[Saved entries]
=== Section Start ===

Lemma K2_kernel_le_near nu q th u w : 0 < q -> 0 < th <= 1 -> 0 < u <= w ->
  Rpower (u + w) q / (Rpower u (nu + 1) * Rpower w q)
  <= K2_majorant nu th (2 * q * exp q / Rpower (u + w) th) u.
Proof.
  intros Hq Hth Huw.
  pose proof (Rpower_ratio_le q th u w Hq Hth Huw) as Hratio.
  rewrite !Rpower_Rdiv in Hratio by lra.
  unfold K2_majorant.
  replace (- (nu - th) - 1) with (th + (- nu - 1)) by ring.
  replace (- nu - 1) with (- (nu + 1)) by ring.
  rewrite (Rpower_plus th), Rpower_Ropp.
  pose proof (Rpower_pos u (nu + 1)). pose proof (Rpower_pos w q).
  pose proof (Rpower_pos (u + w) th).
  set (U := Rpower u (nu + 1)) in *.
  replace (Rpower (u + w) q / (U * Rpower w q)) with (/ U * (Rpower (u + w) q / Rpower w q))
    by (field; lra).
  apply Rle_trans with (/ U * (1 + 2 * q * exp q * (Rpower u th / Rpower (u + w) th))).
  - apply Rmult_le_compat_l; [left; apply Rinv_0_lt_compat |]; lra.
  - right. field. lra.
Qed.

Lemma K2_kernel_le nu q th u w : 0 < q <= nu + 1 -> 0 < th <= 1 -> 0 < u -> 0 < w ->
  let k := 2 * q * exp q / Rpower (u + w) th in
  Rpower (u + w) q / (Rpower u (nu + 1) * Rpower w q)
  <= K2_majorant nu th k u + K2_majorant nu th k w.
Proof.
  intros Hq Hth Hu Hw k.
  assert (Hk : 0 <= k).
  { unfold k. pose proof (exp_pos q). pose proof (Rpower_pos (u + w) th).
    apply Rlt_le, Rdiv_lt_0_compat; nra. }
  destruct (Rle_lt_dec u w) as [Huw | Hwu].
  - pose proof (K2_kernel_le_near nu q th u w ltac:(lra) Hth ltac:(lra)) as Hnear.
    pose proof (K2_majorant_nonneg nu th k w Hk). fold k in Hnear. lra.
  - (* q <= nu + 1 makes the kernel larger with the roles of u and w exchanged. *)
    pose proof (K2_kernel_le_near nu q th w u ltac:(lra) Hth ltac:(lra)) as Hnear.
    rewrite Rplus_comm in Hnear. fold k in Hnear.
    pose proof (K2_majorant_nonneg nu th k u Hk).
    assert (Hcross := Rpower_cross_le w u (nu + 1) q ltac:(lra) ltac:(lra)).
    pose proof (Rpower_pos (u + w) q). pose proof (Rpower_pos w (nu + 1)). pose proof (Rpower_pos u q).
    enough (Rpower (u + w) q / (Rpower u (nu + 1) * Rpower w q)
            <= Rpower (u + w) q / (Rpower w (nu + 1) * Rpower u q)) by lra.
    apply Rmult_le_compat_l; [lra |].
    apply Rinv_le_contravar; [apply Rmult_lt_0_compat; lra | exact Hcross].
Qed.

Lemma is_RInt_K2_majorant nu th k a b : 0 < nu -> th < nu -> 0 < a -> 0 < b ->
  is_RInt (K2_majorant nu th k) a b
    ((/ Rpower a nu - / Rpower b nu) / nu
     + k * ((/ Rpower a (nu - th) - / Rpower b (nu - th)) / (nu - th))).
Proof.
  intros Hnu Hthnu Ha Hb.
  pose proof (Rpower_pos a nu). pose proof (Rpower_pos b nu).
  pose proof (Rpower_pos a (nu - th)). pose proof (Rpower_pos b (nu - th)).
  replace ((/ Rpower a nu - / Rpower b nu) / nu) with ((Rpower b (- nu) - Rpower a (- nu)) / - nu)
    by (rewrite !Rpower_Ropp; field; lra).
  replace ((/ Rpower a (nu - th) - / Rpower b (nu - th)) / (nu - th))
    with ((Rpower b (- (nu - th)) - Rpower a (- (nu - th))) / - (nu - th))
    by (rewrite !Rpower_Ropp; field; lra).
  apply (is_RInt_plus (fun u => Rpower u (- nu - 1)) (fun u => k * Rpower u (- (nu - th) - 1))).
  - apply is_RInt_Rpower; lra.
  - apply (is_RInt_scal (fun u => Rpower u (- (nu - th) - 1))), is_RInt_Rpower; lra.
Qed.

Lemma is_RInt_K2 nu lam t : 0 < lam < t ->
  is_RInt (fun u => / (Rpower u (nu + 1) * Rpower (t + lam - u) (expo nu))) lam t (K2 nu lam t).
Proof.
  intros Ht.
  apply (@RInt_correct R_CompleteNormedModule), (@ex_RInt_continuous R_CompleteNormedModule).
  intros u Hu. rewrite Rmin_left, Rmax_right in Hu by lra.
  apply (@ex_derive_continuous R_AbsRing R_NormedModule).
  unfold Rpower. auto_derive. repeat split; try lra; apply Rgt_not_eq, Rmult_lt_0_compat; apply exp_pos.
Qed.

Lemma K2_le nu th lam t : 0 < nu -> 0 < th <= 1 -> th < nu -> 0 < lam < t ->
  Rpower t (expo nu) * K2 nu lam t
  <= 2 / (nu * Rpower lam nu)
     + 4 * expo nu * exp (expo nu) / ((nu - th) * Rpower lam (nu - th)) / Rpower (t + lam) th.
Proof.
  intros Hnu Hth Hthnu Ht.
  set (q := expo nu).
  assert (Hq : 0 < q <= nu + 1) by (unfold q, expo; split; [apply Rmin_case | apply Rmin_r]; lra).
  set (k := 2 * q * exp q / Rpower (t + lam) th).
  assert (HM := is_RInt_K2_majorant nu th k lam t Hnu Hthnu ltac:(lra) ltac:(lra)).
  eapply Rle_trans.
  { refine (is_RInt_le _ _ lam t _ _ (Rlt_le _ _ (proj2 Ht))
              (is_RInt_scal _ _ _ (Rpower t q) _ (is_RInt_K2 nu lam t Ht))
              (is_RInt_plus _ _ _ _ _ _ HM (is_RInt_reflect _ _ _ _ HM)) _).
    intros u Hu.
    change (Rpower t q * / (Rpower u (nu + 1) * Rpower (t + lam - u) q)
            <= K2_majorant nu th k u + K2_majorant nu th k (lam + t - u)).
    pose proof (K2_kernel_le nu q th u (t + lam - u) Hq Hth ltac:(lra) ltac:(lra)) as Hkernel.
    replace (u + (t + lam - u)) with (t + lam) in Hkernel by ring. fold k in Hkernel.
    replace (lam + t - u) with (t + lam - u) by ring.
    eapply Rle_trans; [| exact Hkernel].
    apply Rmult_le_compat_r.
    - left. apply Rinv_0_lt_compat, Rmult_lt_0_compat; apply Rpower_pos.
    - apply Rle_Rpower_l; lra. }
  assert (Hk : 0 < k) by (apply Rdiv_lt_0_compat; [pose proof (exp_pos q); nra | apply Rpower_pos]).
  pose proof (Rpower_pos t nu). pose proof (Rpower_pos lam nu). pose proof (Rpower_pos (t + lam) th).
  pose proof (Rpower_pos t (nu - th)). pose proof (Rpower_pos lam (nu - th)).
  assert (0 < k * (/ Rpower t (nu - th) / (nu - th)))
    by (apply Rmult_lt_0_compat; [| apply Rdiv_lt_0_compat; [apply Rinv_0_lt_compat |]]; lra).
  assert (0 < / Rpower t nu / nu) by (apply Rdiv_lt_0_compat; [apply Rinv_0_lt_compat |]; lra).
  replace (4 * q * exp q / ((nu - th) * Rpower lam (nu - th)) / Rpower (t + lam) th)
    with (2 * (k * (/ Rpower lam (nu - th) / (nu - th)))) by (unfold k; field; lra).
  replace (2 / (nu * Rpower lam nu)) with (2 * (/ Rpower lam nu / nu)) by (field; lra).
  replace ((/ Rpower lam nu - / Rpower t nu) / nu) with (/ Rpower lam nu / nu - / Rpower t nu / nu)
    by (field; lra).
  replace ((/ Rpower lam (nu - th) - / Rpower t (nu - th)) / (nu - th))
    with (/ Rpower lam (nu - th) / (nu - th) - / Rpower t (nu - th) / (nu - th)) by (field; lra).
  unfold plus; simpl. lra.
Qed.

Lemma K2_scaled_eventually_le nu lam eps : 0 < nu -> 0 < lam -> 0 < eps ->
  exists T, lam < T /\ forall t, T <= t ->
    Rpower t (expo nu) * K2 nu lam t <= 2 / (nu * Rpower lam nu) + eps.
Proof.
  intros Hnu Hlam Heps.
  (* Any th in (0, min nu 1) would do. *)
  set (th := nu / (nu + 1)).
  assert (Hth : 0 < th < 1) by (unfold th; split;
    [apply Rdiv_lt_0_compat | apply Rmult_lt_reg_r with (nu + 1); [| field_simplify]]; lra).
  assert (Hthnu : th < nu) by (unfold th; apply Rmult_lt_reg_r with (nu + 1); [| field_simplify]; nra).
  set (C := 4 * expo nu * exp (expo nu) / ((nu - th) * Rpower lam (nu - th))).
  assert (HC : 0 < C).
  { assert (0 < expo nu) by (unfold expo; apply Rmin_case; lra).
    pose proof (exp_pos (expo nu)). pose proof (Rpower_pos lam (nu - th)).
    unfold C. apply Rdiv_lt_0_compat; nra. }
  pose proof (Rpower_pos (eps / C) (- / th)).
  exists (lam + Rpower (eps / C) (- / th)). split; [lra |].
  intros t Ht.
  eapply Rle_trans; [apply (K2_le nu th); lra |]. fold C.
  apply Rplus_le_compat_l.
  assert (Hdecay : / Rpower (t + lam) th <= eps / C)
    by (apply Rpower_inv_le; [lra | apply Rdiv_lt_0_compat |]; lra).
  apply Rmult_le_compat_l with (r := C) in Hdecay; [| lra].
  replace (C * (eps / C)) with eps in Hdecay by (field; lra). exact Hdecay.
Qed.

Theorem lemma3p4 (nu lam : R) (Hnu : 0 < nu) (Hlam : 0 < lam) :
  (exists C T : R, lam < T /\ forall t : R, T <= t ->
     Rabs (K1 nu lam t - K1_main nu lam t) <= C * Rpower t (- nu - 1))
  /\
  (forall eps : R, 0 < eps -> exists T : R, lam < T /\ forall t : R, T <= t ->
     Rpower t (expo nu) * K2 nu lam t <= 2 / (nu * Rpower lam nu) + eps).
Proof.
  split.
  - exists (2 * lam / Rpower lam nu), (lam + 1). split; [lra |].
    intros t Ht. rewrite K1_sub_K1_main by lra. apply K1_error_le; lra.
  - intros eps Heps. apply K2_scaled_eventually_le; assumption.
Qed.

=== Section End ===

== About this task ==
Please copy the lines above from the line with "intros Hq Hth Huw." up to and including the line with "replace (Rpower (u", exactly as written and with nothing else.

== Output ==
  intros Hq Hth Huw.
  pose proof (Rpower_ratio_le q th u w Hq Hth Huw) as Hratio.
  rewrite !Rpower_Rdiv in Hratio by lra.
  unfold K2_majorant.
  replace (- (nu - th) - 1) with (th + (- nu - 1)) by ring.
  replace (- nu - 1) with (- (nu + 1)) by ring.
  rewrite (Rpower_plus th), Rpower_Ropp.
  pose proof (Rpower_pos u (nu + 1)). pose proof (Rpower_pos w q).
  pose proof (Rpower_pos (u + w) th).
  set (U := Rpower u (nu + 1)) in *.
  replace (Rpower (u + w) q / (U * Rpower w q)) with (/ U * (Rpower (u + w) q / Rpower w q))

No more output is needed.